Он отступил немного, хотя ее дыхание и было приятным. Где-то в комнате зазвонил телефон, и Нильс не сразу сообразил, что телефон звонит у него в кармане. Иностранный номер.
— Простите. Алло? — Нильс прислушался, поначалу в трубке не было ничего, кроме шума. — Алло? С кем я говорю?
В конце концов сквозь шум пробился голос: Томмасо Ди Барбара. Человек, которому Нильс звонил несколько часов назад. Он говорил по-итальянски, но очень медленно, как будто это могло помочь.
— Do you speak English?[31]
Томмасо извинился, итальянского Нильса хватило на то, чтобы это понять: Scusi! — и продолжил говорить по-французски.
— No, wait.[32] — Нильс взглянул на Ханну. — Вы говорите по-итальянски? Или по-французски?
Она нерешительно кивнула, но, похоже, тут же об этом пожалела.
— По-французски. Немножко.
— Just a minute. You can talk to my assistant.[33]
Нильс протянул ей телефон:
— Это полицейский из Венеции. Просто выслушайте его, пожалуйста.
— Ассистент? — Она не собиралась брать протягиваемую ей трубку. — О чем это вы?
— Пожалуйста, просто послушайте, о чем он говорит, и больше ничего.

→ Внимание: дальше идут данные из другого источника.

Lemma pentagon_cycle_is_cycle : is_cycle adj p.
Proof.
split; first exact: dart_cycle_uniq.
  apply: (@uniq_leq_size _ [:: a1; a2; a3]).
    move: a_uniq; rewrite -[[:: x; _; _; _; _]]/([:: x] ++ [:: a1; a2; a3] ++ [:: a4]).
    by rewrite !cat_uniq => /and3P [_ _ /andP []].
  move=> v v_in; apply: mem_pentagon_cycle; move: v_in.
  by rewrite !inE => /or3P [] ->; rewrite ?orbT.
apply: sub_cycle (dart_cycle_cycle r_sym r_deg2 a12_rdart).
by move=> u v /and3P [].
Qed.

Lemma pentagon_cycle_noncenters v : v \in p -> v \notin C.
Proof.
by move=> vp; case/and3P: (next_cycle (dart_cycle_cycle r_sym r_deg2 a12_rdart) vp).
Qed.

Lemma pentagon_cycle_avoids_x u : [set u; x] \notin cycle_edges p.
Proof.
apply/negP => /imsetP [v vp /setP/(_ x)]; rewrite !inE eqxx orbT.
case/esym/orP => /eqP xv; move: xC; apply/negP.
  by rewrite xv pentagon_cycle_noncenters.
by rewrite xv pentagon_cycle_noncenters ?mem_next.
Qed.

— Нет, — сказала она очень решительно, но все-таки взяла трубку. — Оui?[34]
Нильс внимательно следил за тем, как она говорит. Оценить богатство ее французского словарного запаса он, конечно, не мог, но разговор с ее стороны продвигался бойко и без запинок.
— Он спрашивает о числовых убийствах. — Она прикрыла трубку ладонью и взглянула на Нильса.

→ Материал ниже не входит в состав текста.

(* Let $H$ be a triangle-free graph (possibly with loops) on $n\geq 4$ vertices, let $t\ge 0$ and $c$ be integers with $c\geq 16(nt+n^3)$, let $\Psi$ be a suited $(c+t)$-coloring of $\mathcal{E}_c(H)$, and let $x=\sqrt[4]{(nt+n^3)c^3}$. Then there exists a vertex $v\in V(H)$ such that at least $c-x$ primary colors are $v$-robust (with respect to $\Psi$).
   Context: Graphs have no multiple edges but may have loops; triangle-free means there are no three distinct pairwise adjacent vertices. For integer $c\ge1$, maps $\phi_1,\phi_2:V(H)\to[c]$ are co-proper if $\phi_1(u)\ne\phi_2(v)$ whenever $u\sim v$ in $H$. The exponential graph $\mathcal{E}_c(H)$ has vertex set $[c]^{V(H)}$, with $\phi_1\sim\phi_2$ iff they are co-proper. A proper $(c+t)$-coloring $\Psi:V(\mathcal{E}_c(H))\to[c+t]$ gives adjacent maps different colors; colors $1,\dots,c$ are primary and $c+1,\dots,c+t$ secondary. $\Psi$ is suited if $\Psi(\phi)\in\operatorname{im}(\phi)\cup\{c+1,\dots,c+t\}$ for every $\phi$. Writing $\overline{N}(v)=\{v\}\cup N(v)$ for the closed neighborhood, a primary color $b\in[c]$ is $v$-robust if for every $\phi\in\Psi^{-1}(b)$ there is $w\in\overline{N}(v)$ with $\phi(w)=b$. *)

From HB Require Import structures.
From mathcomp Require Import all_boot all_order all_algebra.
From mathcomp Require Import reals.
Set Implicit Arguments. Unset Strict Implicit. Unset Printing Implicit Defensive.
Import Order.TTheory GRing.Theory Num.Theory.

Definition symmetric_graph (V : finType) (e : rel V) : Prop :=
  forall u v, e u v = e v u.

Definition triangle_free (V : finType) (e : rel V) : Prop :=
  forall x y z : V, x != y -> y != z -> x != z -> ~~ [&& e x y, e y z & e x z].

(* Colors [c] are represented by 'I_c (color i+1 <-> i). *)
Definition coproper (V : finType) (e : rel V) (c : nat) (phi1 phi2 : {ffun V -> 'I_c}) : Prop :=
  forall u v, e u v -> phi1 u != phi2 v.

(* Colors [c+t] are 'I_(c+t); primary colors are those with value < c. *)
Definition proper_exp_coloring (V : finType) (e : rel V) (c t : nat)
  (Psi : {ffun V -> 'I_c} -> 'I_(c + t)) : Prop :=
  forall phi1 phi2, coproper e phi1 phi2 -> Psi phi1 != Psi phi2.

Definition suited (V : finType) (c t : nat) (Psi : {ffun V -> 'I_c} -> 'I_(c + t)) : Prop :=
  forall phi, (val (Psi phi) < c)%N -> exists u, val (phi u) = val (Psi phi).

Definition robust (V : finType) (e : rel V) (c t : nat)
  (Psi : {ffun V -> 'I_c} -> 'I_(c + t)) (v : V) (b : 'I_c) : bool :=
  [forall phi : {ffun V -> 'I_c}, (val (Psi phi) == val b) ==>
     [exists w : V, ((w == v) || e v w) && (phi w == b)]].

From HB Require Import structures.
From mathcomp Require Import all_boot all_order all_algebra.
From mathcomp Require Import reals unstable zify lra.
Import Order.TTheory GRing.Theory Num.Theory.
Set Implicit Arguments. Unset Strict Implicit. Unset Printing Implicit Defensive.

(* Suppose every vertex v had more than 8(nt + n^3) non-robust colours.  For each such colour b
   at v fix a map phi_{v,b} of colour b that avoids b on the closed neighbourhood of v.  A map psi
   whose values psi(v) are non-robust at v, and such that psi(w) <> phi_{v,psi(v)}(y) whenever
   v <> w and y ~ w, is co-proper with every phi_{v,psi(v)}; hence Psi(psi) <> psi(v) for all v,
   and suitedness forces Psi(psi) to be secondary.  Finding psi is a list-colouring problem in
   which each choice forbids at most n values at every other vertex; choosing greedily among the
   values that few choices elsewhere forbid solves it once the lists have more than 4n^3 + 2n^2
   elements.  Repeating this t+1 times with fresh colours yields t+1 pairwise co-proper maps of
   secondary colour, which is impossible with only t secondary colours. *)

Section ConflictFreeChoice.
Variables (V T : finType) (D : V -> {set T}) (F : V -> T -> V -> {set T}) (d : nat).
Hypothesis card_F : forall v b w, #|F v b w| <= d.
Let n := #|V|.

(* Choosing [b] at [v] forbids the values [F v b w] at [w]. *)
Definition nforbid v w a := #|[set b in D v | a \in F v b w]|.

Lemma nforbid_le v w a : nforbid v w a <= #|D v|.
Proof. by apply/subset_leq_card/subsetP => b; rewrite inE => /andP[]. Qed.

Lemma sum_nforbid v w : \sum_(a in D w) nforbid v w a <= #|D v| * d.
Proof.
rewrite -sum_nat_const /nforbid.
under eq_bigr => a _ do rewrite -sum1dep_card.
rewrite (exchange_big_dep (mem (D v))) /= => [|a b _ /andP[] //].
apply: leq_sum => b bD; rewrite sum1dep_card.
apply: leq_trans (card_F v b w); apply: subset_leq_card.
by apply/subsetP => a; rewrite inE => /and3P[].
Qed.

Definition overloaded v w := [set a in D w | #|D v| < 2 * n * nforbid v w a].

Lemma card_overloaded v w : #|overloaded v w| <= 2 * n * d.
Proof.
have [Dv0|Dv_gt0] := posnP #|D v|.
  suff -> : overloaded v w = set0 by rewrite cards0.
  apply/setP => a; rewrite !inE.
  by have := nforbid_le v w a; rewrite Dv0 leqn0 => /eqP->; rewrite muln0 andbF.
rewrite -(leq_pmul2r Dv_gt0) mulnAC -mulnA.
apply: leq_trans (_ : \sum_(a in overloaded v w) 2 * n * nforbid v w a <= _).
  by rewrite -sum_nat_const; apply: leq_sum => a; rewrite inE => /andP[_ /ltnW].
rewrite -big_distrr leq_mul2l; apply/orP; right.
apply: leq_trans (sum_nforbid v w).
rewrite [X in _ <= X](big_setID (overloaded v w)) /= (setIidPr _) ?leq_addr //.
by apply/subsetP => a; rewrite inE => /andP[].
Qed.

Definition safe w := D w :\: \bigcup_v overloaded v w.

Lemma card_safe w : #|D w| <= #|safe w| + 2 * n ^ 2 * d.
Proof.
rewrite /safe -(cardsID (\bigcup_v overloaded v w) (D w)) addnC leq_add2l.
apply: leq_trans (subset_leq_card (subsetIr _ _)) _.
apply: leq_trans (card_big_setU _ _ _) _.
apply: leq_trans (_ : \sum_(v : V) 2 * n * d <= _).
  by apply: leq_sum => v _; apply: card_overloaded.
by rewrite (sum_nat_cond_const xpredT) cardsT -/n; nia.
Qed.

Lemma safeP w a :
  a \in safe w -> a \in D w /\ forall v, 2 * n * nforbid v w a <= #|D v|.
Proof.
rewrite inE => /andP[/bigcupP nov aD]; split => // v; rewrite leqNgt.
by apply: contra_notN nov => ov; exists v; rewrite // inE aD.
Qed.

Hypothesis card_D : forall v, 4 * n ^ 2 * d + 2 * n * d < #|D v|.

(* A safe value at [w] is forbidden by at most [#|D v| / 2n] choices at any [v], so the values
   already chosen rule out at most half of [D u]. *)
Lemma safe_extension (P : seq V) (s : V -> T) u :
  {in P, forall w, s w \in safe w} ->
  exists2 a, a \in safe u & {in P, forall v, a \notin F v (s v) u /\ s v \notin F u a v}.
Proof.
move=> P_safe.
set X1 := \bigcup_(v in P) F v (s v) u.
set X2 := \bigcup_(w in P) [set b in D u | s w \in F u b w].
have n_gt0 : 0 < n by apply/card_gt0P; exists u.
have card_P : #|P| <= n := max_card _.
have card_X1 : #|X1| <= n * d.
  apply: leq_trans (card_big_setU _ _ _) _.
  apply: leq_trans (_ : \sum_(v in P) d <= _); first exact: leq_sum.
  by rewrite sum_nat_const leq_mul2r card_P orbT.
have card_X2 : 2 * #|X2| <= #|D u|.
  rewrite -(leq_pmul2l n_gt0) mulnCA mulnA.
  apply: leq_trans (_ : 2 * n * \sum_(w in P) nforbid u w (s w) <= _).
    by rewrite leq_mul2l card_big_setU orbT.
  rewrite big_distrr /=.
  apply: leq_trans (_ : \sum_(w in P) #|D u| <= _).
    by apply: leq_sum => w /P_safe /safeP[_]; apply.
  by rewrite sum_nat_const leq_mul2r card_P orbT.
have : 0 < #|safe u :\: (X1 :|: X2)|.
  have := card_safe u; have := card_D u.
  have : #|safe u :&: (X1 :|: X2)| <= #|X1| + #|X2|.
    exact: leq_trans (subset_leq_card (subsetIr _ _)) (leq_card_setU _ _).
  rewrite cardsD; move: card_X1 card_X2; set n2d := n ^ 2 * d; set nd := n * d.
  lia.
case/card_gt0P => a; rewrite in_setD in_setU negb_or => /andP[/andP[aX1 aX2] a_safe].
exists a => // v vP; split.
  by apply: contra aX1 => av; apply/bigcupP; exists v.
apply: contra aX2 => sva; apply/bigcupP; exists v; rewrite // inE sva andbT.
by have [] := safeP a_safe.
Qed.

Lemma partial_conflict_free_choice (P : seq V) : uniq P -> exists s : V -> T,
  {in P, forall v, s v \in safe v} /\
  {in P &, forall v w, v != w -> s w \notin F v (s v) w}.
Proof.
elim: P => [_|u P IH /= /andP[uP /IH[s [P_safe P_free]]]].
  have D_inhabited v : exists a, a \in D v.
    by apply/card_gt0P; apply: leq_ltn_trans (card_D v).
  by exists (fun v => xchoose (D_inhabited v)).
have [a a_safe a_free] := safe_extension u P_safe.
pose s' x := if x == u then a else s x.
have s'E : {in P, s' =1 s}.
  by move=> x xP; rewrite /s' ifN //; apply: contraNneq uP => <-.
exists s'; split => [v|v w].
  by rewrite inE => /predU1P[->|vP]; [rewrite /s' eqxx | rewrite s'E ?P_safe].
rewrite !inE => /predU1P[->|vP] /predU1P[->|wP]; rewrite ?eqxx //.
- by rewrite (s'E w wP) /s' eqxx => _; have [] := a_free w wP.
- by rewrite (s'E v vP) /s' eqxx => _; have [] := a_free v vP.
- by rewrite !s'E //; apply: P_free.
Qed.

Lemma conflict_free_choice : exists s : V -> T,
  (forall v, s v \in D v) /\ (forall v w, v != w -> s w \notin F v (s v) w).
Proof.
have [s [all_safe all_free]] := partial_conflict_free_choice (enum_uniq V).
exists s; split => [v|v w]; last by apply: all_free; rewrite mem_enum.
by have [] := safeP (all_safe v (mem_enum _ v)).
Qed.

End ConflictFreeChoice.

Lemma card_secondary_colors (c t : nat) : #|[set i : 'I_(c + t) | c <= i]| = t.
Proof.
suff -> : [set i : 'I_(c + t) | c <= i] = [set rshift c j | j : 'I_t].
  by rewrite card_imset ?card_ord //; apply: rshift_inj.
apply/setP => i; rewrite inE; apply/idP/imsetP => [c_le_i|[j _ ->]]; last exact: leq_addr.
have i_lt : i - c < t by rewrite ltn_subLR // ltn_ord.
by exists (Ordinal i_lt) => //; apply: val_inj; rewrite /= subnKC.
Qed.

Section ExponentialGraph.
Variables (V : finType) (e : rel V) (c t : nat) (Psi : {ffun V -> 'I_c} -> 'I_(c + t)).
Hypotheses (Psi_proper : proper_exp_coloring e Psi) (Psi_suited : suited Psi).
Let n := #|V|.

(* The default [[ffun => b]] is only reached when [b] is robust at [v]. *)
Definition avoider v (b : 'I_c) : {ffun V -> 'I_c} :=
  odflt [ffun => b] [pick phi | (val (Psi phi) == val b) &&
    [forall w, ((w == v) || e v w) ==> (phi w != b)]].

Lemma avoiderP v b : ~~ robust e Psi v b ->
  val (Psi (avoider v b)) = val b /\ forall w, (w == v) || e v w -> avoider v b w != b.
Proof.
rewrite /robust negb_forall => /existsP[phi]; rewrite negb_imply negb_exists.
case/andP => Psi_phi /forallP phi_avoids; rewrite /avoider.
case: pickP => [psi /andP[/eqP-> /forallP psi_avoids] | no_pick] /=.
  by split => // w; apply/implyP.
have := no_pick phi; rewrite Psi_phi /=; move/negP; case; apply/forallP => w.
by apply/implyP => vw; have := phi_avoids w; rewrite vw.
Qed.

Definition conflicts v b w := avoider v b @: [set y | e w y].

Lemma card_conflicts v b w : #|conflicts v b w| <= n.
Proof. exact: leq_trans (leq_imset_card _ _) (max_card _). Qed.

Lemma secondary_of_conflict_free (s : V -> 'I_c) :
  (forall v, ~~ robust e Psi v (s v)) ->
  (forall v w, v != w -> s w \notin conflicts v (s v) w) ->
  c <= Psi [ffun v => s v].
Proof.
move=> s_nonrobust s_free; rewrite leqNgt; apply/negP => /Psi_suited[u psi_u].
have [Psi_avoider avoider_u] := avoiderP (s_nonrobust u).
have : coproper e [ffun v => s v] (avoider u (s u)).
  move=> x y exy; rewrite ffunE.
  have [ux|ux] := eqVneq u x; first by subst x; rewrite eq_sym avoider_u // exy orbT.
  apply: contraNneq (s_free u x ux) => ->.
  by apply/imsetP; exists y; rewrite ?inE.
move/Psi_proper/eqP; apply; apply: val_inj.
by rewrite Psi_avoider -psi_u ffunE.
Qed.

Section ManyNonrobust.
Hypothesis many_nonrobust :
  forall v, 8 * (n * t + n ^ 3) < #|~: [set b | robust e Psi v b]|.

Lemma secondary_avoiding (U : {set 'I_c}) : #|U| <= n * t ->
  exists psi : {ffun V -> 'I_c}, c <= Psi psi /\ forall v, psi v \notin U.
Proof.
move=> card_U; pose D v := ~: [set b | robust e Psi v b] :\: U.
have card_D v : 4 * n ^ 2 * n + 2 * n * n < #|D v|.
  have := many_nonrobust v; rewrite /D cardsD.
  have : #|~: [set b | robust e Psi v b] :&: U| <= #|U| by apply/subset_leq_card/subsetIr.
  move: card_U; nia.
have [s [s_D s_free]] := conflict_free_choice card_conflicts card_D.
exists [ffun v => s v]; split => [|v].
  apply: secondary_of_conflict_free => // v.
  by have := s_D v; rewrite !inE => /andP[].
by rewrite ffunE; have := s_D v; rewrite inE => /andP[].
Qed.

Lemma secondary_coproper_family k : 0 < n -> k <= t.+1 ->
  exists S : {set {ffun V -> 'I_c}}, [/\ #|S| = k, {in S, forall psi, c <= Psi psi}
    & {in S &, forall p q, p != q -> coproper e p q}].
Proof.
move=> /card_gt0P[v0 _]; elim: k => [_|k IH k_lt].
  by exists set0; split=> [|p|p]; rewrite ?cards0 ?inE.
have [S [card_S S_secondary S_coproper]] := IH (ltnW k_lt).
set U := \bigcup_(p in S) [set p v | v : V].
have card_U : #|U| <= n * t.
  apply: leq_trans (card_big_setU _ _ _) _.
  apply: leq_trans (_ : \sum_(p in S) n <= _).
    by apply: leq_sum => p _; apply: leq_imset_card.
  by rewrite sum_nat_const card_S mulnC leq_mul2l -ltnS k_lt orbT.
have [psi [psi_secondary psi_U]] := secondary_avoiding card_U.
have psi_new p x y : p \in S -> psi x != p y.
  move=> pS; apply: contraNneq (psi_U x) => ->.
  by apply/bigcupP; exists p => //; apply: imset_f.
have psi_S : psi \notin S by apply/negP => /(psi_new psi v0 v0); rewrite eqxx.
exists (psi |: S); split.
- by rewrite cardsU1 psi_S card_S.
- by move=> p /setU1P[->|/S_secondary].
move=> p q /setU1P[->|pS] /setU1P[->|qS]; rewrite ?eqxx //.
- by move=> _ x y _; apply: psi_new.
- by move=> _ x y _; rewrite eq_sym psi_new.
- exact: S_coproper.
Qed.

End ManyNonrobust.

Lemma exists_vertex_few_nonrobust : 0 < n ->
  exists v, #|~: [set b | robust e Psi v b]| <= 8 * (n * t + n ^ 3).
Proof.
move=> n_gt0; apply/existsP; rewrite -[X in is_true X]negbK negb_exists.
apply/negP => /forallP many_nonrobust.
have [|S [card_S S_secondary S_coproper]] :=
  @secondary_coproper_family _ t.+1 n_gt0 (leqnn _).
  by move=> v; rewrite ltnNge many_nonrobust.
have Psi_inj : {in S &, injective Psi}.
  by move=> p q pS qS; apply: contra_eq => pq; apply: Psi_proper; apply: S_coproper.
have : #|Psi @: S| <= t.
  rewrite -[t in _ <= t](card_secondary_colors c); apply: subset_leq_card.
  by apply/subsetP => _ /imsetP[p pS ->]; rewrite inE S_secondary.
by rewrite card_in_imset // card_S ltnn.
Qed.

End ExponentialGraph.

Lemma natr_le_sqrt_sqrt (R : rcfType) (m N : nat) :
  m ^ 4 <= N -> (m%:R <= Num.sqrt (Num.sqrt N%:R) :> R)%R.
Proof.
have sqrt_sq k : Num.sqrt ((k ^ 2)%:R : R) = k%:R%R by rewrite natrX sqrtr_sqr ger0_norm.
rewrite -(sqrt_sq m) -(sqrt_sq (m ^ 2)) -expnM -(ler_nat R) => m4_le_N.
by rewrite !ler_sqrt ?sqrtr_ge0 ?ler0n.
Qed.

Theorem lemma5 (R : realType) (V : finType) (e : rel V) (t c : nat)
  (Psi : {ffun V -> 'I_c} -> 'I_(c + t)) :
  symmetric_graph e -> triangle_free e ->
  (4 <= #|V|)%N ->
  (16 * (#|V| * t + #|V| ^ 3) <= c)%N ->
  proper_exp_coloring e Psi -> suited Psi ->
  exists v : V,
    ((c%:R : R) - Num.sqrt (Num.sqrt (((#|V| * t + #|V| ^ 3) * c ^ 3)%N%:R))
      <= (#|[set b : 'I_c | robust e Psi v b]|)%:R)%R.
Proof.
move=> _ _ n_ge4 c_ge Psi_proper Psi_suited.
have [|v few_nonrobust] := exists_vertex_few_nonrobust Psi_proper Psi_suited.
  exact: leq_trans n_ge4.
exists v; set K := #|V| * t + #|V| ^ 3.
have x_ge : ((8 * K)%:R <= Num.sqrt (Num.sqrt (K * c ^ 3)%:R) :> R)%R.
  apply: natr_le_sqrt_sqrt.
  have : (16 * K) ^ 3 <= c ^ 3 by rewrite leq_exp2r.
  nia.
have : c <= #|[set b | robust e Psi v b]| + 8 * K.
  by rewrite -{1}(card_ord c) -(cardsC [set b | robust e Psi v b]) leq_add2l.
rewrite -(ler_nat R) natrD; lra.
Qed.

— Числовых убийствах? У них что, на спине числа? Он в этом уверен? Попросите его объяснить поподробнее.
— Вы сказали, что ваша фамилия Бентцон, да? Он спрашивает, как вас зовут.
— Да, Бентцон. — Нильс кивнул. — Нильс Бентцон. Спросите, есть ли подозреваемые. Есть ли какие-то особенные…

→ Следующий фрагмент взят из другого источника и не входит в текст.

(* Let $f(X)=\sum_{a=(h_1,\dots,h_N)\in\mathcal{A}} w_a\sum_{\biguplus_{i=1}^N X_i=X}\prod_{i=1}^N f_{h_i}(X_i)$ be a multi-Bernoulli mixture. For Bernoulli densities $[g_j]=(g_1,\dots,g_N)$ and, for each $a\in\mathcal{A}$, a probability distribution $q_a$ on $\Pi_N$ (i.e. $q_a(\pi)\ge 0$, $\sum_{\pi\in\Pi_N}q_a(\pi)=1$), define the zero-temperature objective $$\tilde J_0\big([g_j],[q_a(\pi)]\big)=-\sum_{a\in\mathcal{A},\pi\in\Pi_N} w_a q_a(\pi)\sum_{i=1}^N\int f_{h_i}(X)\log g_{\pi(i)}(X)\,\delta X .$$ Then minimising $\tilde J_0$ jointly over $[g_j]$ (Bernoulli densities, $g_j\ge0$, $\int g_j(X)\delta X=1$) and $[q_a(\pi)]$ is equivalent to solving $$\operatorname*{minimise}_{q(h,j)\in\mathcal{P}}\ -\sum_{j=1}^N\int\Big(\sum_{h\in\mathcal{H}}q(h,j)f_h(X)\Big)\log\Big(\sum_{h\in\mathcal{H}}q(h,j)f_h(X)\Big)\,\delta X,$$ where $$\mathcal{P}=\Big\{q(h,j)=\sum_{i=1}^N\Big(\sum_{a=(h_1,\dots,h_N)\in\mathcal{A}:\,h_i=h} w_a\sum_{\pi\in\Pi_N:\,\pi(i)=j}q_a(\pi)\Big)\ \Big|\ q_a(\pi)\ge0,\ \sum_{\pi\in\Pi_N}q_a(\pi)=1\ \forall a\Big\}.$$
   Context: Single-target states lie in $\mathcal{X}\subseteq\mathbb{R}^d$. The set integral is $\int v(X)\,\delta X = v(\emptyset)+\sum_{n=1}^\infty\frac{1}{n!}\int\cdots\int v(\{x_1,\dots,x_n\})\,\mathrm{d}x_1\cdots\mathrm{d}x_n$. A Bernoulli density with existence probability $r$ and state density $p(x)$ is $b(\emptyset)=1-r$, $b(\{x\})=r\,p(x)$, $b(X)=0$ for $|X|>1$. $\mathcal{H}$ is an index set of single-target hypotheses, each $f_h$ ($h\in\mathcal{H}$) a Bernoulli density; $\mathcal{A}\subseteq\mathcal{H}^N$ is a finite set of global hypotheses $a=(h_1,\dots,h_N)$ with weights $w_a\ge0$, $\sum_a w_a=1$. $\sum_{\biguplus_{i=1}^N X_i=X}$ sums over ordered tuples of disjoint subsets with union $X$. $\Pi_N$ is the set of permutations of $\{1,\dots,N\}$. Convention $0\log0=0$.
   Formalization: Each fₕ also has x ↦ fₕ({x}) log fₕ({x}) integrable, and 𝓗 is finite; equivalence means that for every admissible $[q_a(\pi)]$ the minimum of $\tilde J_0$ over $[g_j]$ is attained and equals the reduced objective at the induced q(h,j). Apart from conventions, each condition added here is assumed in the paper as well or is needed for the statement above to hold. *)

From HB Require Import structures.
From mathcomp Require Import all_boot all_order all_algebra all_fingroup.
From mathcomp Require Import all_classical all_reals.
From mathcomp Require Import exp measure lebesgue_measure lebesgue_integral.
Set Implicit Arguments. Unset Strict Implicit. Unset Printing Implicit Defensive.
Import Order.TTheory GRing.Theory Num.Theory.
Local Open Scope ring_scope.

Section Defs.
Context {R : realType} {d : measure_display} {T : measurableType d}.
Variable mu : {measure set T -> \bar R}.

(** [a * log b] with the convention [0 log 0 = 0] (more generally [0 * log b = 0]),
    and [a * log 0 = -oo] for [a > 0]. *)
Definition xlogy (a b : R) : \bar R :=
  if a == 0 then 0%E else if b <= 0 then (-oo)%E else (a * ln b)%:E.

(** A function on finite subsets of T vanishing on sets of size >= 2 is given by
    its value [u0] at the empty set and [u1 x] at [{x}].  The set integral
    [\int u(X) log v(X) dX] of such functions is then
    [u0 log v0 + \int u1(x) log v1(x) dmu(x)] (higher-order terms vanish). *)
Definition setint_xlogy (u0 : R) (u1 : T -> R) (v0 : R) (v1 : T -> R) : \bar R :=
  (xlogy u0 v0 + \int[mu]_x xlogy (u1 x) (v1 x))%E.

(** Bernoulli density with existence probability [r] and state density [p]:
    b(emptyset) = 1 - r, b({x}) = r p(x). *)
Definition is_bern (r : R) (p : T -> R) : Prop :=
  [/\ 0 <= r <= 1, (forall x, 0 <= p x), measurable_fun setT p
    & (\int[mu]_x (p x)%:E = 1)%E].

Definition bern0 (r : R) : R := 1 - r.
Definition bern1 (r : R) (p : T -> R) : T -> R := fun x => r * p x.

Variables (N : nat) (H : finType) (fr : H -> R) (fp : H -> T -> R)
  (A : {set N.-tuple H}) (w : N.-tuple H -> R).

Definition J0 (gr : 'I_N -> R) (gp : 'I_N -> T -> R)
    (qa : N.-tuple H -> {perm 'I_N} -> R) : \bar R :=
  (- \sum_(a in A) \sum_(pi : {perm 'I_N})
      (w a * qa a pi)%:E *
      \sum_(i < N) setint_xlogy (bern0 (fr (tnth a i))) (bern1 (fr (tnth a i)) (fp (tnth a i)))
                                (bern0 (gr (pi i))) (bern1 (gr (pi i)) (gp (pi i))))%E.

Definition qP (qa : N.-tuple H -> {perm 'I_N} -> R) (h : H) (j : 'I_N) : R :=
  \sum_(i < N) \sum_(a in A | tnth a i == h) w a * \sum_(pi : {perm 'I_N} | pi i == j) qa a pi.

Definition mix0 (q : H -> 'I_N -> R) (j : 'I_N) : R :=
  \sum_(h : H) q h j * bern0 (fr h).
Definition mix1 (q : H -> 'I_N -> R) (j : 'I_N) : T -> R :=
  fun x => \sum_(h : H) q h j * bern1 (fr h) (fp h) x.

Definition Obj (q : H -> 'I_N -> R) : \bar R :=
  (- \sum_(j < N) setint_xlogy (mix0 q j) (mix1 q j) (mix0 q j) (mix1 q j))%E.

End Defs.

From HB Require Import structures.
From mathcomp Require Import all_boot all_order all_algebra all_fingroup.
From mathcomp Require Import all_classical all_reals lra.
From mathcomp Require Import exp measure lebesgue_measure lebesgue_integral.
From mathcomp Require Import measurable_realfun numfun.
Import Order.TTheory GRing.Theory Num.Theory.
Local Open Scope ring_scope.

(* Regrouping the sum over global hypotheses a and permutations pi by the pairs
   (h, j) = (h_i, pi(i)) writes J0 as - sum_j sum_h q(h,j) \int f_h log g_j, where q
   is the induced element of P.  For each j the weights q(., j) sum to one, so
   F_j = sum_h q(h,j) f_h is again a Bernoulli density, and integrating Gibbs'
   inequality x log y <= x log x + y - x gives sum_h q(h,j) \int f_h log g <=
   \int F_j log F_j for every Bernoulli density g, with equality at g = F_j.  Hence
   g_j = F_j minimises J0 for the given q_a, and the minimum is the reduced
   objective at q. *)

Section xlogy.
Context {R : realType}.
Implicit Types (a b c k : R).

Lemma xlogy0 b : xlogy 0 b = 0%E.
Proof. by rewrite /xlogy eqxx. Qed.

Lemma xlogyEr a b : 0 < b -> xlogy a b = (a * ln b)%:E.
Proof.
move=> b0; rewrite /xlogy leNgt b0 /=.
by case: eqP => [->|]; rewrite ?mul0r.
Qed.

Она прикрыла рукой свободное ухо и отошла чуть в сторону.
Нильс не отводил от нее взгляда.
Краем глаза он заметил, что кот медленно подходит поближе к нему. Нильс присел на корточки и дал ему понюхать свою руку. Его взгляд упал на фотографию Ханны и мальчика — и дальше, на полочку, на которой лежал раскрытый фотоальбом. Шесть фотографий, по которым можно восстановить всю историю. Ханна — лет десять назад, наверное, — широко улыбаясь, держит в руках какой-то научный приз. Молодая, красивая, полная амбиций, сияющая жизнью. Мир лежит у ее ног, она об этом знает и этим наслаждается. Пара снимков Ханны и Густава, замечательно красивого мужчины лет пятидесяти. Черные зачесанные назад волосы, темные глаза, высокий, широкоплечий. Так явно возвышающийся над всеми сомнениями; мужчина, купающийся в женском внимании, во флиртующих взглядах, в соблазнительных предложениях. Фотография, на которой беременная Ханна стоит, обнимая Густава, посреди Бруклинского моста. Этот снимок Нильс рассмотрел повнимательнее. Наверное, он слишком долго был полицейским — и хотя иногда ему казалось, что он сыт этой своей ролью по горло, но теперь он не мог не обратить внимание на то, что Ханна смотрит прямо в камеру, в то время как Густав чуть отвел взгляд. На кого он смотрит? На случайно проходящую мимо них по мосту красивую женщину?